BEGIN

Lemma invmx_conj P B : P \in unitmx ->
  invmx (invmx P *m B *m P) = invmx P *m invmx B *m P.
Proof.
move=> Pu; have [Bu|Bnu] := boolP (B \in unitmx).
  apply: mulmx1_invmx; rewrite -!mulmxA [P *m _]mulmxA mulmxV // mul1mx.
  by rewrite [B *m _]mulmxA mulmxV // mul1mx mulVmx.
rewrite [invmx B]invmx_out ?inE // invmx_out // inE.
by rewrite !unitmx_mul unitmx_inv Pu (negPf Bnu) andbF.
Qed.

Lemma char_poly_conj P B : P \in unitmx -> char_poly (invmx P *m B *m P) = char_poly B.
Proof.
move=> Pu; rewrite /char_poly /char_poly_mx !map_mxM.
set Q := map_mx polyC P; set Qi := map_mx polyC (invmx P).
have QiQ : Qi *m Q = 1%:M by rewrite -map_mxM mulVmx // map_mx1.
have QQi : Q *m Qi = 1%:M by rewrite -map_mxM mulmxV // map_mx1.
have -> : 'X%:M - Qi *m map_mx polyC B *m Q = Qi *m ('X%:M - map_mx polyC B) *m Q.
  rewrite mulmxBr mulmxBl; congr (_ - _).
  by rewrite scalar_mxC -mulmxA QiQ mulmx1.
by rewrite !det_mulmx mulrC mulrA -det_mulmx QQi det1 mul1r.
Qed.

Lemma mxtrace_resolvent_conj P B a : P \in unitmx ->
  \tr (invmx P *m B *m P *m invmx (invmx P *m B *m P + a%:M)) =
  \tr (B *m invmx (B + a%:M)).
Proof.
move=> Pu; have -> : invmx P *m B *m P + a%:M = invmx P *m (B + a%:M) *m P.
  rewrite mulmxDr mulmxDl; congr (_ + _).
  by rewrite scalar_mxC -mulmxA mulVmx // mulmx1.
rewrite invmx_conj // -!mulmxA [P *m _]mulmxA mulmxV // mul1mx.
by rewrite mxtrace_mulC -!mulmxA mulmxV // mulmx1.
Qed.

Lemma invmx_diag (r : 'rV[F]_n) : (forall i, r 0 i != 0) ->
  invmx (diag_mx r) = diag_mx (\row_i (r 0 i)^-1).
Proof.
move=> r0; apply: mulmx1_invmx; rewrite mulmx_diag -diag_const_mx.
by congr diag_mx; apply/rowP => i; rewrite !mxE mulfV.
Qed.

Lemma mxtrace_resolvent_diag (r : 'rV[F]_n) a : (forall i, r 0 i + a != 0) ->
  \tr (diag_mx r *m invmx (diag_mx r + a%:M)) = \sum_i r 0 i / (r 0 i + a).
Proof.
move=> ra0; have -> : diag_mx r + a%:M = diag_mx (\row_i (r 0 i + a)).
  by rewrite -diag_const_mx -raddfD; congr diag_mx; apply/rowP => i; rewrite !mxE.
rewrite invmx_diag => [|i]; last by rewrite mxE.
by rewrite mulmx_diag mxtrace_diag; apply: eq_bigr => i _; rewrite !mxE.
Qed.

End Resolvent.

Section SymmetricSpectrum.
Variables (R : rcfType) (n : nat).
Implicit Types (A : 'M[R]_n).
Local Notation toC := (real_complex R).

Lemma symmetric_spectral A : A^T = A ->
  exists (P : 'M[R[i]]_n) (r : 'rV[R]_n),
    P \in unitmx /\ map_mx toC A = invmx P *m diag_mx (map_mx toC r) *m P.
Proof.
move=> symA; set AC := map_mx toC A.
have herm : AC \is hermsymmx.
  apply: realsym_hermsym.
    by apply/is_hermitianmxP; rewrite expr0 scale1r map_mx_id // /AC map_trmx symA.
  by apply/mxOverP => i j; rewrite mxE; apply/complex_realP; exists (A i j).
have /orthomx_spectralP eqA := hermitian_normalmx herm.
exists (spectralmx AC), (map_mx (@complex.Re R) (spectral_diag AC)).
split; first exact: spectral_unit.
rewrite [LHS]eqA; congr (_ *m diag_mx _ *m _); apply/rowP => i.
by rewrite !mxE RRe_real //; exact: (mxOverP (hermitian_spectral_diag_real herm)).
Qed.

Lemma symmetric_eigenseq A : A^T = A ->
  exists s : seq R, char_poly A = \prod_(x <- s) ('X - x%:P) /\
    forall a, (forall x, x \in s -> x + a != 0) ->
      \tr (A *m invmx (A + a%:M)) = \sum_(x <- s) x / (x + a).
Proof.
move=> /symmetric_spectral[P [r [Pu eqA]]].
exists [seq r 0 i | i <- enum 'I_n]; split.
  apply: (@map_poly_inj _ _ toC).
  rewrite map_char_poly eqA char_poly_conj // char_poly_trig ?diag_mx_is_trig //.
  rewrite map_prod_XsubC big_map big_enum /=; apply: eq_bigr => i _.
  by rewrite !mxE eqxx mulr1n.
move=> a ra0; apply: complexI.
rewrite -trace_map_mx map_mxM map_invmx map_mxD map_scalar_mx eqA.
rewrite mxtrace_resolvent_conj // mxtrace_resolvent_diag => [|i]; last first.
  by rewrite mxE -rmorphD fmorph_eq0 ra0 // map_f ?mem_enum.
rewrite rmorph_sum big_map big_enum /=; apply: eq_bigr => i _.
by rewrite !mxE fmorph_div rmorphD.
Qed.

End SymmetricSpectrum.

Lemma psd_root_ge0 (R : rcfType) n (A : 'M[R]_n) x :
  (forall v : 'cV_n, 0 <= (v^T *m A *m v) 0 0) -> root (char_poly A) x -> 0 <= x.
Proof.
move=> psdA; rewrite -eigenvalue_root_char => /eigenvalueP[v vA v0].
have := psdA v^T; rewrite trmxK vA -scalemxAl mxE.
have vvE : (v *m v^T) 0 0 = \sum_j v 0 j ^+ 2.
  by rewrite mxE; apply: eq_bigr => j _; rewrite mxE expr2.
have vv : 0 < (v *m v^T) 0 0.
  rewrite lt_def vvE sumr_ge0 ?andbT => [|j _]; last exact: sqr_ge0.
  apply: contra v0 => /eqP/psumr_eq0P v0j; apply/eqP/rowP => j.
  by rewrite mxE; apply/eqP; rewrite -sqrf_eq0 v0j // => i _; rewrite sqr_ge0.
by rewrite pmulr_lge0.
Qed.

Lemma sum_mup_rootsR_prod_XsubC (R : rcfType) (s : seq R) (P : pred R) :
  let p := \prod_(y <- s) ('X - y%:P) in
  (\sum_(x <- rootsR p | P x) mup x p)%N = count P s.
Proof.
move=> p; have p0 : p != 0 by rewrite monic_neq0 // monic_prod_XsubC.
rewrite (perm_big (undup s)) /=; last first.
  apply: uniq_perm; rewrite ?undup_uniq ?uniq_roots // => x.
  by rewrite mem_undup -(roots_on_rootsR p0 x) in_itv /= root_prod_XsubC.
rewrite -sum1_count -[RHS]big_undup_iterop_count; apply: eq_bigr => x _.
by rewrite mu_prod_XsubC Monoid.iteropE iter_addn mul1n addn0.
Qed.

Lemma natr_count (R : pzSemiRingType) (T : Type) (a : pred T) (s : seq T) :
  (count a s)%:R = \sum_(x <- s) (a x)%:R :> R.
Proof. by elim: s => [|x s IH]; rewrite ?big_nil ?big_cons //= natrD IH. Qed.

END

Each entry above is to be transcribed exactly as it was written.

Lemma invmx_conj P B : P \in unitmx ->
  invmx (invmx P *m B *m P) = invmx P *m invmx B *m P.
Proof.
move=> Pu; have [Bu|Bnu] := boolP (B \in unitmx).
  apply: mulmx1_invmx; rewrite -!mulmxA [P *m _]mulmxA mulmxV // mul1mx.
  by rewrite [B *m _]mulmxA mulmxV // mul1mx mulVmx.
rewrite [invmx B]invmx_out ?inE // invmx_out // inE.
by rewrite !unitmx_mul unitmx_inv Pu (negPf Bnu) andbF.
Qed.

Lemma char_poly_conj P B : P \in unitmx -> char_poly (invmx P *m B *m P) = char_poly B.
Proof.
move=> Pu; rewrite /char_poly /char_poly_mx !map_mxM.
set Q := map_mx polyC P; set Qi := map_mx polyC (invmx P).
have QiQ : Qi *m Q = 1%:M by rewrite -map_mxM mulVmx // map_mx1.
have QQi : Q *m Qi = 1%:M by rewrite -map_mxM mulmxV // map_mx1.
have -> : 'X%:M - Qi *m map_mx polyC B *m Q = Qi *m ('X%:M - map_mx polyC B) *m Q.
  rewrite mulmxBr mulmxBl; congr (_ - _).
  by rewrite scalar_mxC -mulmxA QiQ mulmx1.
by rewrite !det_mulmx mulrC mulrA -det_mulmx QQi det1 mul1r.
Qed.

Lemma mxtrace_resolvent_conj P B a : P \in unitmx ->
  \tr (invmx P *m B *m P *m invmx (invmx P *m B *m P + a%:M)) =
  \tr (B *m invmx (B + a%:M)).
Proof.
move=> Pu; have -> : invmx P *m B *m P + a%:M = invmx P *m (B + a%:M) *m P.
  rewrite mulmxDr mulmxDl; congr (_ + _).
  by rewrite scalar_mxC -mulmxA mulVmx // mulmx1.
rewrite invmx_conj // -!mulmxA [P *m _]mulmxA mulmxV // mul1mx.
by rewrite mxtrace_mulC -!mulmxA mulmxV // mulmx1.
Qed.

Lemma invmx_diag (r : 'rV[F]_n) : (forall i, r 0 i != 0) ->
  invmx (diag_mx r) = diag_mx (\row_i (r 0 i)^-1).
Proof.
move=> r0; apply: mulmx1_invmx; rewrite mulmx_diag -diag_const_mx.
by congr diag_mx; apply/rowP => i; rewrite !mxE mulfV.
Qed.

Lemma mxtrace_resolvent_diag (r : 'rV[F]_n) a : (forall i, r 0 i + a != 0) ->
  \tr (diag_mx r *m invmx (diag_mx r + a%:M)) = \sum_i r 0 i / (r 0 i + a).
Proof.
move=> ra0; have -> : diag_mx r + a%:M = diag_mx (\row_i (r 0 i + a)).
  by rewrite -diag_const_mx -raddfD; congr diag_mx; apply/rowP => i; rewrite !mxE.
rewrite invmx_diag => [|i]; last by rewrite mxE.
by rewrite mulmx_diag mxtrace_diag; apply: eq_bigr => i _; rewrite !mxE.
Qed.

End Resolvent.

Section SymmetricSpectrum.
Variables (R : rcfType) (n : nat).
Implicit Types (A : 'M[R]_n).
Local Notation toC := (real_complex R).

Lemma symmetric_spectral A : A^T = A ->
  exists (P : 'M[R[i]]_n) (r : 'rV[R]_n),
    P \in unitmx /\ map_mx toC A = invmx P *m diag_mx (map_mx toC r) *m P.
Proof.
move=> symA; set AC := map_mx toC A.
have herm : AC \is hermsymmx.
  apply: realsym_hermsym.
    by apply/is_hermitianmxP; rewrite expr0 scale1r map_mx_id // /AC map_trmx symA.
  by apply/mxOverP => i j; rewrite mxE; apply/complex_realP; exists (A i j).
have /orthomx_spectralP eqA := hermitian_normalmx herm.
exists (spectralmx AC), (map_mx (@complex.Re R) (spectral_diag AC)).
split; first exact: spectral_unit.
rewrite [LHS]eqA; congr (_ *m diag_mx _ *m _); apply/rowP => i.
by rewrite !mxE RRe_real //; exact: (mxOverP (hermitian_spectral_diag_real herm)).
Qed.

Lemma symmetric_eigenseq A : A^T = A ->
  exists s : seq R, char_poly A = \prod_(x <- s) ('X - x%:P) /\
    forall a, (forall x, x \in s -> x + a != 0) ->
      \tr (A *m invmx (A + a%:M)) = \sum_(x <- s) x / (x + a).
Proof.
move=> /symmetric_spectral[P [r [Pu eqA]]].
exists [seq r 0 i | i <- enum 'I_n]; split.
  apply: (@map_poly_inj _ _ toC).
  rewrite map_char_poly eqA char_poly_conj // char_poly_trig ?diag_mx_is_trig //.
  rewrite map_prod_XsubC big_map big_enum /=; apply: eq_bigr => i _.
  by rewrite !mxE eqxx mulr1n.
move=> a ra0; apply: complexI.
rewrite -trace_map_mx map_mxM map_invmx map_mxD map_scalar_mx eqA.
rewrite mxtrace_resolvent_conj // mxtrace_resolvent_diag => [|i]; last first.
  by rewrite mxE -rmorphD fmorph_eq0 ra0 // map_f ?mem_enum.
rewrite rmorph_sum big_map big_enum /=; apply: eq_bigr => i _.
by rewrite !mxE fmorph_div rmorphD.
Qed.

End SymmetricSpectrum.

Lemma psd_root_ge0 (R : rcfType) n (A : 'M[R]_n) x :
  (forall v : 'cV_n, 0 <= (v^T *m A *m v) 0 0) -> root (char_poly A) x -> 0 <= x.
Proof.
move=> psdA; rewrite -eigenvalue_root_char => /eigenvalueP[v vA v0].
have := psdA v^T; rewrite trmxK vA -scalemxAl mxE.
have vvE : (v *m v^T) 0 0 = \sum_j v 0 j ^+ 2.
  by rewrite mxE; apply: eq_bigr => j _; rewrite mxE expr2.
have vv : 0 < (v *m v^T) 0 0.
  rewrite lt_def vvE sumr_ge0 ?andbT => [|j _]; last exact: sqr_ge0.
  apply: contra v0 => /eqP/psumr_eq0P v0j; apply/eqP/rowP => j.
  by rewrite mxE; apply/eqP; rewrite -sqrf_eq0 v0j // => i _; rewrite sqr_ge0.
by rewrite pmulr_lge0.
Qed.

Lemma sum_mup_rootsR_prod_XsubC (R : rcfType) (s : seq R) (P : pred R) :
  let p := \prod_(y <- s) ('X - y%:P) in
  (\sum_(x <- rootsR p | P x) mup x p)%N = count P s.
Proof.
move=> p; have p0 : p != 0 by rewrite monic_neq0 // monic_prod_XsubC.
rewrite (perm_big (undup s)) /=; last first.
  apply: uniq_perm; rewrite ?undup_uniq ?uniq_roots // => x.
  by rewrite mem_undup -(roots_on_rootsR p0 x) in_itv /= root_prod_XsubC.
rewrite -sum1_count -[RHS]big_undup_iterop_count; apply: eq_bigr => x _.
by rewrite mu_prod_XsubC Monoid.iteropE iter_addn mul1n addn0.
Qed.

Lemma natr_count (R : pzSemiRingType) (T : Type) (a : pred T) (s : seq T) :
  (count a s)%:R = \sum_(x <- s) (a x)%:R :> R.
Proof. by elim: s => [|x s IH]; rewrite ?big_nil ?big_cons //= natrD IH. Qed.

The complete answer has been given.